C’est l’argent que j’avais quand… Comme nous nous sommes des bergers, donc souvent on vendait nos troupeaux, on garde l’argent. Tu donnes à quelqu’un : garde-moi ça. Le moment quand on m’a pris, j’avais une petite somme, j’avais un ami qui gardait ça pour moi, quoi. Donc, quand je suis sorti, j’avais l’argent, mais on m’a aidé aussi.

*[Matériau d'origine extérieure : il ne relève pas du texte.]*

Lemma monomials_mono bs A D D' : (D <= D')%nat -> incl (monomials bs A D) (monomials bs A D').
Proof.
  intro HD; induction bs as [|b bs IH]; intros x Hx; [exact Hx|].
  apply in_monomials_cons in Hx as [j [y [Hj [Hy ->]]]].
  apply in_monomials_cons; exists j, y; repeat split; auto; lia.
Qed.

(** Elements of the algebra [(span A)[bs]] of degree at most [D] in each generator. *)
Definition adjoin_deg (bs A : list C) (D : nat) (x : C) : Prop := Qspan (monomials bs A D) x.

Lemma adjoin_deg_mono bs A D D' x : (D <= D')%nat -> adjoin_deg bs A D x -> adjoin_deg bs A D' x.
Proof. intro HD; apply Qspan_incl, monomials_mono, HD. Qed.

Lemma adjoin_deg_Qspan bs A D x : Qspan A x -> adjoin_deg bs A D x.
Proof.
  induction bs as [|b bs IH]; intro Hx; [exact Hx|].
  apply Qspan_eq with (Cmul (Cpow_nat b 0) x);
    [apply Qspan_monomials_cons, IH; auto; lia | simpl; ring].
Qed.

Lemma adjoin_deg_gen bs A b : Qalg A -> In b bs -> adjoin_deg bs A 1 b.
Proof.
  intro HA; induction bs as [|b' bs IH]; intro Hb; [destruct Hb|]; destruct Hb as [-> | Hb].
  - apply Qspan_eq with (Cmul (Cpow_nat b 1) C1); [|simpl; ring].
    apply Qspan_monomials_cons, adjoin_deg_Qspan, HA; lia.
  - apply Qspan_eq with (Cmul (Cpow_nat b' 0) b); [|simpl; ring].
    apply Qspan_monomials_cons, IH, Hb; lia.
Qed.

Lemma monomials_mul bs A E F s t : Qalg A ->
  In s (monomials bs A E) -> In t (monomials bs A F) -> adjoin_deg bs A (E + F) (Cmul s t).
Proof.
  intro HA; revert s t; induction bs as [|b bs IH]; intros s t Hs Ht; [apply HA; auto|].
  apply in_monomials_cons in Hs as [j [y [Hj [Hy ->]]]].
  apply in_monomials_cons in Ht as [k [z [Hk [Hz ->]]]].
  apply Qspan_eq with (Cmul (Cpow_nat b (j + k)) (Cmul y z)); [|rewrite Cpow_nat_add; ring].
  apply Qspan_monomials_cons; [lia | apply IH; auto].
Qed.

Lemma adjoin_deg_mul bs A E F x y : Qalg A ->
  adjoin_deg bs A E x -> adjoin_deg bs A F y -> adjoin_deg bs A (E + F) (Cmul x y).
Proof. intro HA; apply Qspan_mul; intros; apply monomials_mul; auto. Qed.

Lemma adjoin_deg_pow bs A c x k : Qalg A ->
  adjoin_deg bs A c x -> adjoin_deg bs A (c * k) (Cpow_nat x k).
Proof.
  intros HA Hx; induction k as [|k IH]; simpl.
  - rewrite Nat.mul_0_r; apply adjoin_deg_Qspan, HA.
  - replace (c * S k)%nat with (c + c * k)%nat by lia; apply adjoin_deg_mul; auto.
Qed.


Definition adjoin (bs A : list C) (x : C) : Prop := exists D, adjoin_deg bs A D x.

Section Adjoin.
Variables (bs A : list C).
Hypothesis HA : Qalg A.

Lemma adjoin_add x y : adjoin bs A x -> adjoin bs A y -> adjoin bs A (Cadd x y).
Proof.
  intros [D1 H1] [D2 H2]; exists (D1 + D2)%nat; apply Qspan_add;
    [apply adjoin_deg_mono with D1 | apply adjoin_deg_mono with D2]; auto; lia.
Qed.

Venir en France… cette décision je l’avais prise depuis avant, mais tant que tu es quelqu’un qui a pas un passeport avec toi, tu sais pas comment faire, tu es obligé de tourner… Parce qu’il y a des Mauritaniens qui vont là-bas à l’émigration pour revenir, donc, dans ma tête, j’ai dit : Je vais essayer. Comme Alger, avec l’Espagne, c’est les mêmes frontières, je peux avoir la chance de passer. Peut-être je trouverai. Donc j’ai essayé. Comme j’étais passé de la Mauritanie à Alger, je peux avoir aussi une chance de quitter Alger vers l’Espagne… Si j’arrive même jusqu’à arriver en Espagne, je trouverai aussi une chance de venir jusqu’à ici. Donc… comme Dieu m’a aidé beaucoup, je suis venu…

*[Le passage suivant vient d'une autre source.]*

Lemma primal_opt_eq0 (lam : R) (ms : 'I_p -> R) (k : 'I_p) :
  0 < lam -> primal_opt x D S L U eta lam ms ->
  Cmul x (kkt_dual ms) k <= lam -> ms k = 0.
Proof.
move=> lam_gt0 ms_opt C_le; have ms_ge0 := ms_opt.1.
pose m j := if j == k then 0 else ms j.
have m_ge0 j : 0 <= m j by rewrite /m; case: (j == k).
have := primal_opt_first_order (ltW lam_gt0) ms_opt m_ge0.
rewrite (bigD1 k) //= big1 => [|j /negbTE j_neq]; last by rewrite /m j_neq subrr mulr0.
rewrite /m eqxx addr0 sub0r => vi.
have slack : 0 <= (lam - Cmul x (kkt_dual ms) k) * ms k by rewrite mulr_ge0 ?subr_ge0.
apply/eqP; rewrite eq_le ms_ge0 andbT leNgt; apply/negP => ms_gt0.
have := mulr_gt0 (mulr_gt0 lam_gt0 eta_gt0) (mulr_gt0 ms_gt0 ms_gt0); lra.
Qed.

Definition row_bound (k : 'I_p) (q : pidx D S) : R :=
  if qb q then Num.max (x (qj q) k) (x (qi q) k) ^+ 2 else 0.

Lemma a_coefE (al0 : pidx D S -> R) k : a_coef x al0 k = \sum_q row_bound k q * al0 q.
Proof.
rewrite /a_coef big_mkcond; apply: eq_bigr => q _.
by rewrite /row_bound; case: (qb q); rewrite ?mul0r // mulrC.
Qed.

Lemma row_bound_norm_le k : l2norm (row_bound k) <= b_coef x D S k.
Proof.
pose F (b : bool) i j := Num.max (x i k) (x j k) ^+ 4.
have F_ge0 b i j : 0 <= F b i j by rewrite /F (_ : 4 = 2 * 2)%N // exprM sqr_ge0.
rewrite /b_coef -(sum_pidxE F) ler_sqrt ?sumr_ge0 //.
apply: ler_sum => q _; rewrite /row_bound; case: (qb q).
  by rewrite -exprM maxC.
by rewrite expr0n F_ge0.
Qed.

Lemma Cmul_le_row_bound (al : pidx D S -> R) (k k' : 'I_p) :
  (forall i, 0 <= x i k') -> (forall i, x i k' <= x i k) -> (forall q, 0 <= al q) ->
  Cmul x al k' <= \sum_q row_bound k q * al q.
Proof.
move=> x_ge0 x_le al_ge0; apply: ler_sum => q _.
rewrite /sgnq /row_bound /cvec; case: (qb q).
  by rewrite mul1r ler_wpM2r // sqr_subr_le_max.
by rewrite mul0r mulN1r mulNr oppr_le0 mulr_ge0 ?sqr_ge0.
Qed.

Lemma kkt_dual_screening (lam lam0 eps : R) (ms : 'I_p -> R) (al0s al0 : pidx D S -> R)
    (k k' : 'I_p) :
  (forall i, 0 <= x i k') -> (forall i, x i k' <= x i k) ->
  0 < lam -> lam <= lam0 ->
  primal_opt x D S L U eta lam ms -> dual_opt x L U eta lam0 al0s ->
  norm2 (fun q => al0 q - al0s q) <= eps -> lam_a x lam0 eps al0 k <= lam ->
  Cmul x (kkt_dual ms) k' <= lam.
Proof.
move=> x_ge0 x_le lam_gt0 lam_le ms_opt al0s_opt near lam_a_le.
have lam0_gt0 := lt_le_trans lam_gt0 lam_le.
set a := a_coef x al0 k; set b := b_coef x D S k; set N := norm2 al0.
have w_le := row_bound_norm_le k.
have a_le : a <= b * N.
  rewrite /a a_coefE; apply: le_trans (sum_CauchySchwarz _ _) _.
  by rewrite ler_wpM2r ?l2norm_ge0.
have den_gt0 : 0 < 2 * lam0 + N * b - a by rewrite mulrC; lra.
move: lam_a_le; rewrite /lam_a -/a -/b -/N ler_pdivrMr // => lam_a_le.
apply: le_trans (Cmul_le_row_bound x_ge0 x_le (kkt_dual_ge0 ms)) _.
apply: le_trans (dot_le_of_ball _ _ _ (kkt_dual_ball lam_gt0 lam_le ms_opt al0s_opt) near w_le) _.
- by rewrite divr_ge0 // ?addr_ge0 ?mulr_ge0 // ltW // (lt_le_trans lam_gt0).
- by rewrite divr_ge0 ?subr_ge0 ?mulr_ge0 // ltW.
- by field; rewrite lt0r_neq0.
rewrite -a_coefE -/a -/N.
rewrite -(ler_pM2l (mulr_gt0 (ltr0Sn R 1) lam0_gt0)).
have -> : 2 * lam0 * ((lam0 + lam) / (2 * lam0) * a + b * (eps + (lam0 - lam) / (2 * lam0) * N))
    = lam0 * (2 * eps * b + N * b + a) + lam * (a - N * b).
  by field; rewrite lt0r_neq0.
lra.
Qed.

End MetricLearning.

Theorem theorem7 (R : realType) (n K p : nat)
  (D S : 'I_n -> {set 'I_n})
  (cnt : 'I_n -> 'I_p -> nat) (g : nat -> R) (x : 'I_n -> 'I_p -> R)
  (par : 'I_p -> option 'I_p) (root : 'I_p)
  (L U eta lam lam0 eps : R)
  (al0s al0 : pidx D S -> R) (ms : 'I_p -> R) (k : 'I_p) :
  (0 < n)%N -> (0 < K)%N -> (0 < p)%N ->
  (forall i, #|D i| = K) -> (forall i, #|S i| = K) ->
  (* graph-mining features x_{i,k} = g(#(H_k in G_i)) *)
  (forall c, 0 <= g c) -> (forall c1 c2, (c1 <= c2)%N -> g c1 <= g c2) ->
  (forall i k0, x i k0 = g (cnt i k0)) ->
  (* rooted tree; occurrence counts are nonincreasing from parent to child *)
  par root = None -> (forall k0, par k0 = None -> k0 = root) ->
  (forall k0, desc par root k0) ->
  (forall i c k0, par c = Some k0 -> (cnt i c <= cnt i k0)%N) ->
  0 <= U -> U <= L -> 0 < eta ->
  0 < lam -> lam <= lam0 ->
  dual_opt x L U eta lam0 al0s ->
  (forall q, 0 <= al0 q) -> 0 <= eps ->
  norm2 (fun q => al0 q - al0s q) <= eps ->
  primal_opt x D S L U eta lam ms ->
  lam_a x lam0 eps al0 k <= lam -> lam <= lam0 ->
  forall k', desc par k k' -> ms k' = 0.
Proof.
move=> _ _ _ _ _ g_ge0 g_mono x_def _ _ _ cnt_par _ _ eta_gt0 lam_gt0 lam_le
  al0s_opt _ _ near ms_opt lam_a_le _ k' k_k'.
have x_ge0 i : 0 <= x i k' by rewrite x_def.
have x_le i : x i k' <= x i k.
  by rewrite !x_def g_mono // (desc_leq (cnt_par i) k_k').
apply: (primal_opt_eq0 eta_gt0 lam_gt0 ms_opt).
exact: kkt_dual_screening x_ge0 x_le lam_gt0 lam_le ms_opt al0s_opt near lam_a_le.
Qed.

Voilà. Sortir… et puis, peut-être que moi aussi j’ai un destin… Voilà, c’est ce destin qui m’a tout fait pour venir jusqu’à ici… S’il n’y avait pas ce problème à la Mauritanie, j’ai jamais pensé que j’allais venir ici, mais le destin s’est tracé, je suis obligé, il faut que cet événement ça se passe pour que je puisse sortir pour venir jusqu’ici.
Nous, nos parents… eswa… ils étaient tout le temps dans la brousse, avec les troupeaux. Donc, avec ça, ils vivaient bien. Mais mon père était vieux, maintenant, c’est moi qui étais l’aîné de la famille donc j’aurais dû m’occuper de tout ça… mais tout ça maintenant est perdu, donc je suis obligé de partir. C’est cette chose-là qui m’a poussé à venir jusqu’à ici. C’était pour trouver quelque chose à vivre quoi ! Parce que, dans la vie, on travaille c’est pour vivre. On peut pas rester comme ça sans faire rien.